4. Specialized DataFrame Operations
Filoma's DataFrame extends Polars with filesystem-specific operations for quick filtering and summarization.
# Filter by extensions
df.filter_by_extension([".py", ".rs"])
# Quick frequency analysis
df.extension_counts()
df.directory_counts()
🔍 See Operation Examples
filter_by_extension([".py", ".rs"])
shape: (3, 1)
┌─────────────────────┐
│ path │
│ --- │
│ str │
╞═════════════════════╡
│ src/async_scan.rs │
│ src/lib.rs │
│ src/filoma/dedup.py │
└─────────────────────┘
extension_counts() — groups files by extension and returns counts.
shape: (3, 2)
┌────────────┬─────┐
│ extension ┆ len │
│ --- ┆ --- │
│ str ┆ u32 │
╞════════════╪═════╡
│ .py ┆ 240 │
│ .jpg ┆ 124 │
│ .json ┆ 43 │
└────────────┴─────┘
directory_counts() — summarizes file distribution across parent directories.
shape: (3, 2)
┌────────────┬─────┐
│ parent_dir ┆ len │
│ --- ┆ --- │
│ str ┆ u32 │
╞════════════╪═════╡
│ src/filoma ┆ 12 │
│ tests ┆ 8 │
│ docs ┆ 5 │
└────────────┴─────┘
🗂️ Advanced Topics
Dataset Convenience Class
Use the Dataset class for orchestration of snapshotting, profiling, integrity checks, and AI interactions:
import filoma as flm
ds = flm.Dataset("./my_data")
# Snapshot, Quality Scan, and Deduplication
ds.snap(mode="deep")
ds.run_quality_scan()
ds.dedup()
# Get an enriched DataFrame of the dataset
df = ds.to_dataframe()
print(df.extension_counts())
# Agentic interaction with this specific dataset
ds.get_filaraki().run("Is there any class imbalance in my dataset?")
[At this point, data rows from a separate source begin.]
(* Let $\mathcal{C}$ be a Fraïssé class with Fraïssé limit $\mathbf{U}$. Then $\mathbf{U}$ has a universal homogeneous endomorphism if and only if $\mathcal{C}$ has the amalgamated extension property and the homo amalgamation property (HAP).
   Context: An embedding is an injective homomorphism reflecting all relations. An age is a class of finitely generated structures of one signature with countably many isomorphism types, closed under finitely generated substructures (up to isomorphism) and with the joint embedding property; $\overline{\mathcal{C}}$ is the class of countable structures all of whose finitely generated substructures are isomorphic to members of $\mathcal{C}$; a Fraïssé class is an age with the amalgamation property and its Fraïssé limit is the unique countable homogeneous structure with that age. A universal homogeneous endomorphism of $\mathbf{U}$ is an endomorphism $u$ such that for every $\mathbf{A}\in\overline{\operatorname{Age}(\mathbf{U})}$ and homomorphism $h:\mathbf{A}\to\mathbf{U}$ there is an embedding $\iota:\mathbf{A}\hookrightarrow\mathbf{U}$ with $h=u\circ\iota$, and for every finitely generated $\mathbf{A}\le\mathbf{U}$ and embedding $\iota:\mathbf{A}\hookrightarrow\mathbf{U}$ with $u\circ\iota=u\restriction_A$ there is an automorphism $\alpha$ of $\mathbf{U}$ with $u\circ\alpha=u$ and $\alpha\restriction_A=\iota$. $\mathcal{C}$ has the amalgamated extension property if for all $\mathbf{A},\mathbf{B}_1,\mathbf{B}_2,\mathbf{T}\in\mathcal{C}$, embeddings $f_i:\mathbf{A}\hookrightarrow\mathbf{B}_i$ and homomorphisms $h_i:\mathbf{B}_i\to\mathbf{T}$ with $h_1f_1=h_2f_2$ there exist $\mathbf{C},\mathbf{T}'\in\mathcal{C}$, embeddings $g_i:\mathbf{B}_i\hookrightarrow\mathbf{C}$ with $g_1f_1=g_2f_2$, an embedding $k:\mathbf{T}\hookrightarrow\mathbf{T}'$ and a homomorphism $h:\mathbf{C}\to\mathbf{T}'$ with $hg_i=kh_i$. $\mathcal{C}$ has the HAP if for all $\mathbf{A},\mathbf{B}_1,\mathbf{B}_2\in\mathcal{C}$, every embedding $f_1:\mathbf{A}\hookrightarrow\mathbf{B}_1$ and homomorphism $f_2:\mathbf{A}\to\mathbf{B}_2$ there exist $\mathbf{C}\in\mathcal{C}$, an embedding $g_2:\mathbf{B}_2\hookrightarrow\mathbf{C}$ and a homomorphism $g_1:\mathbf{B}_1\to\mathbf{C}$ with $g_1\circ f_1=g_2\circ f_2$. *)

From Stdlib Require Import List Fin.
Set Implicit Arguments.

Record signature := Signature {
  fsym : Type; farity : fsym -> nat;
  rsym : Type; rarity : rsym -> nat }.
Dataset Integrity & Quality
Filoma provides a comprehensive suite for dataset validation (corruption, leaks, balance) and manifest integrity:
from filoma.core.verifier import DatasetVerifier
verifier = DatasetVerifier("./data")
verifier.run_all()
verifier.print_summary()
Deduplication
Find duplicate files, images (perceptual hash), or text files.
# Standard find
filoma dedup /path/to/dataset
# Cross-directory find
filoma dedup train/ valid/ --cross-dir
🍃 Agentic Analysis
Filaraki (stands for "little leaf" or "little buddy" in Greek) is Filoma's agentic interface for natural language filesystem analysis. It provides an agentic, flexible way to interact with your data using plain language commands.
🏠 Local AI Setup (Nanobot + Ollama)
Run Filoma Filaraki completely offline with local models via the MCP server:
# One-command setup
curl -sL https://raw.githubusercontent.com/kalfasyan/filoma/main/scripts/install.sh | sh
This installs nanobot and configures it to use Ollama with Filoma's 21 filesystem tools. No API keys, no cloud services—everything stays on your machine.
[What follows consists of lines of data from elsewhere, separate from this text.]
(* Let $n\ge 2$ and $m=n-1$. Let $\overline{Q}_1\subseteq\mathbb{R}^{m^2}\times\mathbb{R}^{nm}$ be the set of all $(w,y)$, with $w=(w_{ir})_{i,r\in\{1,\dots,m\}}$ and $y=(y_{ij})$ indexed by ordered pairs $(i,j)$ of distinct elements of $C=\{0,1,\dots,m\}$, satisfying (1) $\sum_{r=1}^m w_{ir}=1$ for $i=1,\dots,m$; (2) $\sum_{i=1}^m w_{ir}=1$ for $r=1,\dots,m$; (3) $w_{ir}\ge 0$ for all $i,r\in\{1,\dots,m\}$; (4) $y_{0,i}-w_{i,1}=0$ for $i=1,\dots,m$; (5) $y_{i,0}-w_{i,m}=0$ for $i=1,\dots,m$; (6) $w_{ir}+w_{j,r+1}-y_{ij}\le 1$ for all $i,j\in\{1,\dots,m\}$ with $i\ne j$ and all $r\in\{1,\dots,m-1\}$; (7) $\sum_{i=1}^m\sum_{j=1,j\ne i}^m y_{ij}=m-1$; (8) $y_{ij}\ge 0$ for all distinct $i,j\in\{0,\dots,m\}$. Then $\overline{Q}_1$ is an extended formulation of $\mathcal{A}_n$, i.e. $\pi_w(\overline{Q}_1)=\{w: \exists y,\ (w,y)\in\overline{Q}_1\}=\mathcal{A}_n$.
   Context: $\mathcal{A}_n$ denotes the linear assignment (Birkhoff) polytope in $\mathbb{R}^{m^2}$: the set of $w=(w_{ir})_{i,r=1}^m$ satisfying constraints (1)–(3). $\pi_w$ denotes projection onto the $w$-coordinates. *)

From mathcomp Require Import all_boot all_order all_algebra.
From mathcomp Require Import reals.
Set Implicit Arguments. Unset Strict Implicit. Unset Printing Implicit Defensive.
Import Order.TTheory GRing.Theory Num.Theory.
Local Open Scope ring_scope.

(* Conventions: n = m.+1.  Indices {1,...,m} of the paper are represented by
   'I_m (paper index i corresponds to ordinal with value i-1).
   The set C = {0,...,m} is represented by 'I_m.+1, with paper index k
   corresponding to the ordinal of value k; paper index i in {1..m} is
   thus [lift ord0 i] for i : 'I_m.  y is a function on all pairs of C;
   only off-diagonal entries are constrained (diagonal values are
   meaningless coordinates and play no role). *)

Definition assignment_polytope (R : realType) (m : nat)
    (w : 'M[R]_m) : Prop :=
  [/\ (forall i : 'I_m, \sum_(r < m) w i r = 1),
      (forall r : 'I_m, \sum_(i < m) w i r = 1) &
      (forall i r : 'I_m, 0 <= w i r)].

Definition toC (m : nat) (i : 'I_m) : 'I_m.+1 := lift ord0 i.

Definition Q1bar (R : realType) (m : nat)
    (w : 'M[R]_m) (y : 'I_m.+1 -> 'I_m.+1 -> R) : Prop :=
  assignment_polytope w /\ [/\
      (forall i : 'I_m, forall r1 : 'I_m, val r1 = 0%N ->
          y ord0 (toC i) - w i r1 = 0),
      (forall i : 'I_m, forall rm : 'I_m, val rm = m.-1 ->
          y (toC i) ord0 - w i rm = 0),
      (forall i j : 'I_m, i != j -> forall r r' : 'I_m, val r' = (val r).+1 ->
          w i r + w j r' - y (toC i) (toC j) <= 1),
      \sum_(i < m) \sum_(j < m | j != i) y (toC i) (toC j) = m.-1%:R &
      (forall k l : 'I_m.+1, k != l -> 0 <= y k l)].

From mathcomp Require Import all_boot all_order all_algebra.
From mathcomp Require Import reals.
From mathcomp Require Import lra.
Import Order.TTheory GRing.Theory Num.Theory.
Local Open Scope ring_scope.
Set Implicit Arguments.

(* For the converse, write m = k+1 and read a
   doubly stochastic w as a fractional assignment of items to positions.
   The "transition flow" L_ij = sum_r w_{i,r} w_{j,r+1} measures how often
   j directly follows i; its total mass is k = m-1, because the column sums
   of w are 1.  We take y_{0i} = w_{i,1}, y_{i0} = w_{i,m} and
   y_ij = L_ij for i <> j, except that the diagonal mass D = sum_i L_ii
   (which a y on distinct pairs cannot carry) is added to one fixed
   off-diagonal pair, so that (7) holds.  Constraint (6) follows from
   a + b - 1 <= a b for a, b in [0,1], and (8) from nonnegativity of w. *)

Lemma addr_sub1_le_mul {R : realDomainType} (a b : R) :
  a <= 1 -> b <= 1 -> a + b - 1 <= a * b.
Proof.
move=> a_le1 b_le1.
have : 0 <= (1 - a) * (1 - b) by apply: mulr_ge0; rewrite subr_ge0.
by rewrite mulrBl !mulrBr !mul1r mulr1 => ?; lra.
Qed.

Section AssignmentEntries.
Variables (R : realType) (m : nat) (w : 'M[R]_m).
Hypothesis hw : assignment_polytope w.

Lemma assignment_ge0 i r : 0 <= w i r.
Proof. by case: hw. Qed.

Lemma assignment_le1 i r : w i r <= 1.
Proof.
case: hw => row_sum _ w_ge0; rewrite -(row_sum i) (bigD1 r) //= lerDl.
by apply: sumr_ge0 => s _; apply: w_ge0.
Qed.

End AssignmentEntries.

Section Certificate.
Variables (R : realType) (k : nat) (w : 'M[R]_k.+1).

Definition flow (i j : 'I_k.+1) : R :=
  \sum_(r < k) w i (widen_ord (leqnSn k) r) * w j (lift ord0 r).

Definition diag_mass : R := \sum_(i < k.+1) flow i i.

(* The certificate y on C = {0,...,k+1}: index 0 is the depot, a
   nonzero index lift ord0 i stands for item i. *)
Definition certificate (a b : 'I_k.+2) : R :=
  match unlift ord0 a, unlift ord0 b with
  | None, Some j => w j ord0
  | Some i, None => w i ord_max
  | Some i, Some j => if i == j then 0 else
      flow i j + diag_mass * ((i == ord0) && (j == ord_max))%:R
  | None, None => 0
  end.

Lemma certificate_depot_item i : certificate ord0 (toC i) = w i ord0.
Proof. by rewrite /certificate /toC unlift_none liftK. Qed.

Lemma certificate_item_depot i : certificate (toC i) ord0 = w i ord_max.
Proof. by rewrite /certificate /toC unlift_none liftK. Qed.

Lemma certificate_items i j : i != j ->
  certificate (toC i) (toC j) =
    flow i j + diag_mass * ((i == ord0) && (j == ord_max))%:R.
Proof. by move=> /negbTE neq_ij; rewrite /certificate /toC !liftK neq_ij. Qed.

(* The diagonal mass vanishes when there is a single item, so moving it
   to the pair (first, last) loses nothing even though that pair is then
   diagonal. *)
Lemma diag_mass_moved : diag_mass * (ord0 != ord_max :> 'I_k.+1)%:R = diag_mass.
Proof.
case: eqVneq => [eq0max | _]; last by rewrite mulr1.
have k0 : k = 0%N by move/(congr1 val): eq0max.
rewrite /diag_mass /flow big1 ?mul0r // => i _; apply: big1 => r _.
by have := ltn_ord r; rewrite {2}k0.
Qed.

Lemma sum_pair_indicator :
  \sum_(i < k.+1) \sum_(j < k.+1 | j != i)
     ((i == ord0) && (j == ord_max))%:R = (ord0 != ord_max :> 'I_k.+1)%:R :> R.
Proof.
rewrite (bigD1 ord0) //= [X in _ + X]big1 ?addr0; last first.
  by move=> i /negbTE i_neq0; apply: big1 => j _; rewrite i_neq0.
case: (eqVneq (ord0 : 'I_k.+1) ord_max) => [eq0max | neq0max].
  by apply: big1 => j; rewrite -eq0max => /negbTE ->.
rewrite (bigD1 ord_max) 1?eq_sym //= eqxx [X in _ + X]big1 ?addr0 //.
by move=> j /andP [_ /negbTE ->].
Qed.

Hypothesis hw : assignment_polytope w.

Lemma flow_ge0 i j : 0 <= flow i j.
Proof. by apply: sumr_ge0 => r _; apply: mulr_ge0; apply: assignment_ge0. Qed.

Lemma diag_mass_ge0 : 0 <= diag_mass.
Proof. by apply: sumr_ge0 => i _; apply: flow_ge0. Qed.

Lemma flow_ge_transition i j (r r' : 'I_k.+1) : val r' = (val r).+1 ->
  w i r * w j r' <= flow i j.
Proof.
move=> r'E; have r_lt_k : (val r < k)%N by rewrite -ltnS -r'E ltn_ord.
pose s := Ordinal r_lt_k.
have -> : r = widen_ord (leqnSn k) s by apply: val_inj.
have -> : r' = lift ord0 s by apply: val_inj; rewrite /= /bump /= r'E.
rewrite /flow (bigD1 s) //= lerDl; apply: sumr_ge0 => q _.
by apply: mulr_ge0; apply: assignment_ge0.
Qed.

(* Total flow: since every column of w sums to 1, each of the k
   transitions r -> r+1 carries mass exactly 1. *)
Lemma flow_total : \sum_(i < k.+1) \sum_(j < k.+1) flow i j = k%:R.
Proof.
case: hw => _ col_sum _; rewrite /flow.
under eq_bigr => i _ do rewrite exchange_big /=.
rewrite exchange_big /=.
under eq_bigr => r _ do
  (under eq_bigr => i _ do rewrite -mulr_sumr; rewrite -mulr_suml !col_sum mulr1).
by rewrite sumr_const card_ord.
Qed.

Lemma flow_offdiag :
  \sum_(i < k.+1) \sum_(j < k.+1 | j != i) flow i j = k%:R - diag_mass.
Proof.
rewrite -flow_total /diag_mass -sumrB; apply: eq_bigr => i _.
by rewrite [in RHS](bigD1 i) //= addrC addrK.
Qed.

Lemma certificate_depot_out i (r1 : 'I_k.+1) : val r1 = 0%N ->
  certificate ord0 (toC i) - w i r1 = 0.
Proof.
by move=> r1E; rewrite certificate_depot_item (_ : r1 = ord0) ?subrr //; apply: val_inj.
Qed.

Lemma certificate_depot_in i (rm : 'I_k.+1) : val rm = k ->
  certificate (toC i) ord0 - w i rm = 0.
Proof.
by move=> rmE; rewrite certificate_item_depot (_ : rm = ord_max) ?subrr //; apply: val_inj.
Qed.

Lemma certificate_transition i j : i != j -> forall r r' : 'I_k.+1,
  val r' = (val r).+1 -> w i r + w j r' - certificate (toC i) (toC j) <= 1.
Proof.
move=> neq_ij r r' r'E; rewrite certificate_items //.
have bound := addr_sub1_le_mul _ _ (assignment_le1 hw i r) (assignment_le1 hw j r').
have le_flow : w i r * w j r' <= flow i j by exact: flow_ge_transition.
have extra_ge0 : 0 <= diag_mass * ((i == ord0) && (j == ord_max))%:R.
  by apply: mulr_ge0; [exact: diag_mass_ge0 | rewrite ler0n].
lra.
Qed.

Lemma certificate_mass :
  \sum_(i < k.+1) \sum_(j < k.+1 | j != i) certificate (toC i) (toC j) = k%:R.
Proof.
under eq_bigr => i _ do
  under eq_bigr => j j_neq_i do (rewrite certificate_items; last by rewrite eq_sym).
under eq_bigr => i _ do rewrite big_split /= -mulr_sumr.
rewrite big_split /= -mulr_sumr sum_pair_indicator diag_mass_moved flow_offdiag.
by rewrite subrK.
Qed.

Lemma certificate_ge0 a b : a != b -> 0 <= certificate a b.
Proof.
move=> neq_ab; rewrite /certificate.
case: (unlift ord0 a) => [i|]; case: (unlift ord0 b) => [j|] //;
  try exact: assignment_ge0.
case: eqP => // _; apply: addr_ge0; first exact: flow_ge0.
by apply: mulr_ge0; [exact: diag_mass_ge0 | rewrite ler0n].
Qed.

End Certificate.

Theorem lemma1 (R : realType) (m : nat) (hm : (1 <= m)%N) (w : 'M[R]_m) :
  (exists y : 'I_m.+1 -> 'I_m.+1 -> R, Q1bar w y) <-> assignment_polytope w.
Proof.
split; first by case=> y [].
case: m hm w => // k _ w hw.
exists (@certificate R k w); split=> //; split.
- exact: certificate_depot_out.
- exact: certificate_depot_in.
- exact: certificate_transition.
- exact: certificate_mass.
- exact: certificate_ge0.
Qed.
# After setup, chat with your filesystem
nanobot agent -m "How many images are in ./data?"
nanobot agent -m "Find duplicate files and show me the largest ones"
📖 Full MCP Configuration Guide →
Interactive Chat CLI
Start a chat session directly from your terminal:
filoma filaraki chat
Programmatic Usage
Use Python for scripted workflows:
from filoma.filaraki import get_agent
agent = get_agent()
await agent.run("Create a dataframe from notebooks/Weeds-3 with enrichment")
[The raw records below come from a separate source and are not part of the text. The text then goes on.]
(* Every topological space $X$ that admits a selection map has the universal fixed point property. Conversely, if $X$ is a topological space with the universal fixed point property for which the evaluation map $C(X,X)\times X\to X$, $(f,x)\mapsto f(x)$, is continuous, then $X$ admits a selection map.
   Context: For a topological space $X$, let $C(X,X)$ be the set of continuous self-maps of $X$ with the compact-open topology (generated by the sets $\{g\mid g(K)\subseteq U\}$, $K\subseteq X$ compact, $U\subseteq X$ open). A selection map for $X$ is a continuous map $\Phi\colon C(X,X)\to X$ such that $f(\Phi(f))=\Phi(f)$ for all $f\in C(X,X)$. The space $X$ has the universal fixed point property if for every topological space $T$ and every continuous map $f\colon T\times X\to X$ there exists a continuous map $p\colon T\to X$ with $f(t,p(t))=p(t)$ for all $t\in T$. *)

From HB Require Import structures.
From mathcomp Require Import all_boot all_order all_algebra.
From mathcomp Require Import all_classical all_reals all_analysis.
Set Implicit Arguments. Unset Strict Implicit. Unset Printing Implicit Defensive.
Local Open Scope classical_set_scope.

(* The space of all self-maps of X with the compact-open topology
   (mathcomp-analysis' [compact_open]); C(X,X) is the subspace of continuous
   maps, handled via [{within @cmaps X, continuous _}]. *)
Definition cmaps (X : topologicalType) : set {compact-open, X -> X} :=
  [set f | continuous f].

Definition selection_map (X : topologicalType) (Phi : {compact-open, X -> X} -> X) : Prop :=
  {within @cmaps X, continuous Phi} /\
  (forall f : {compact-open, X -> X}, continuous f -> f (Phi f) = Phi f).

Definition admits_selection_map (X : topologicalType) : Prop :=
  exists Phi : {compact-open, X -> X} -> X, selection_map Phi.

Definition universal_fixed_point_property (X : topologicalType) : Prop :=
  forall (T : topologicalType) (f : T * X -> X), continuous f ->
    exists p : T -> X, continuous p /\ (forall t, f (t, p t) = p t).

Definition evaluation_continuous (X : topologicalType) : Prop :=
  {within [set fx : {compact-open, X -> X} * X | continuous fx.1],
    continuous (fun fx : {compact-open, X -> X} * X => fx.1 fx.2)}.

From HB Require Import structures.
From mathcomp Require Import all_boot all_order all_algebra.
From mathcomp Require Import all_classical all_reals all_analysis.
Local Open Scope classical_set_scope.

(* A selection map Phi turns a parametrized family f : T * X -> X into the
   fixed point t |-> Phi (curry f t), which is continuous because currying is
   continuous into the compact-open topology.  Conversely, a selection map is a
   fixed point map of the family (f, x) |-> f x, parametrized by C(X,X) itself;
   to apply the universal fixed point property to the subspace C(X,X) of all
   self-maps, this family is extended by the identity off C(X,X), which is
   harmless because those points are isolated in the subspace topology. *)

Lemma continuous_comp_within {T U V : topologicalType} {A : set U}
    (g : T -> U) (phi : U -> V) :
  (forall t, A (g t)) -> continuous g -> {within A, continuous phi} ->
  continuous (phi \o g).
Proof.
move=> gA cg /subspace_continuousP cphi t.
have gW : g @ t --> within A (nbhs (g t)).
  move=> W; rewrite /= nbhs_simpl => /cg; rewrite /= !nbhs_simpl.
  by apply: (@filterS _ (nbhs t)) => s /(_ (gA s)).
exact: cvg_comp gW (cphi _ (gA t)).
Qed.

Lemma continuous_subspace_patch {U X Y : topologicalType} {A : set U}
    (e : U * X -> Y) (d : X -> Y) :
  {within [set p | A p.1], continuous e} -> continuous d ->
  continuous (fun p : subspace A * X => if `[< A p.1 >] then e p else d p.2).
Proof.
move=> ce cd [g x] W /=; case: (asboolP (A g)) => Ag Wn.
- have := ce (g, x) W Wn.
  case: (nbhs_subspaceP [set p | A p.1] (g, x)) => //= _.
  move=> [[P Q] /= [Pg Qx] PQW].
  exists (P `&` A, Q) => /=.
    split => //; case: (nbhs_subspaceP A g) => // _.
    by apply: filterS Pg => h Ph Ah.
  by move=> [h y] [/= [Ph Ah] Qy]; case: asboolP => // _; apply: (PQW (h, y)).
- exists ([set g], d @^-1` W) => /=.
    split; last exact: cd.
    by case: (nbhs_subspaceP A g) => // _ h ->.
  by move=> [h y] [/= -> Wy]; case: asboolP.
Qed.

Lemma selection_map_universal_fixed_point (X : topologicalType) :
  admits_selection_map X -> universal_fixed_point_property X.
Proof.
move=> [Phi [cPhi Phi_fixed]] T f cf.
have [cf_curry cf_slice] := continuous_curry cf.
exists (Phi \o curry f); split; last by move=> t; exact: Phi_fixed.
exact: (@continuous_comp_within _ _ _ (@cmaps X) _ Phi cf_slice cf_curry cPhi).
Qed.

Lemma universal_fixed_point_selection_map (X : topologicalType) :
  universal_fixed_point_property X -> evaluation_continuous X ->
  admits_selection_map X.
Proof.
move=> ufp ev.
pose F (p : subspace (@cmaps X) * X) :=
  if `[< cmaps p.1 >] then p.1 p.2 else p.2.
have cF : continuous F.
  exact: (continuous_subspace_patch (fun p : {compact-open, X -> X} * X => p.1 p.2)
            id ev (fun=> cvg_id)).
have [Phi [cPhi Phi_fixed]] := ufp _ F cF.
exists Phi; split => // g cg.
by have := Phi_fixed g; rewrite /F; case: asboolP.
Qed.

Theorem theorem7p3 :
  (forall X : topologicalType,
     admits_selection_map X -> universal_fixed_point_property X) /\
  (forall X : topologicalType,
     universal_fixed_point_property X -> evaluation_continuous X ->
     admits_selection_map X).
Proof.
split; [exact: selection_map_universal_fixed_point
       | exact: universal_fixed_point_selection_map].
Qed.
await agent.run("Filter by extension: jpg, png")
await agent.run("Summarize dataframe and show top directories")
await agent.run("Sort dataframe by size descending and show top 5")
Advanced Workflow Orchestration
Filoma Filaraki includes advanced orchestrator tools for enterprise-grade dataset analysis:
# Run advanced workflow examples
make filaraki-advanced
# Or in code:
await agent.run("Run a corrupted file audit on /path/to/dataset")
await agent.run("Generate a dataset hygiene report for /path/to/dataset")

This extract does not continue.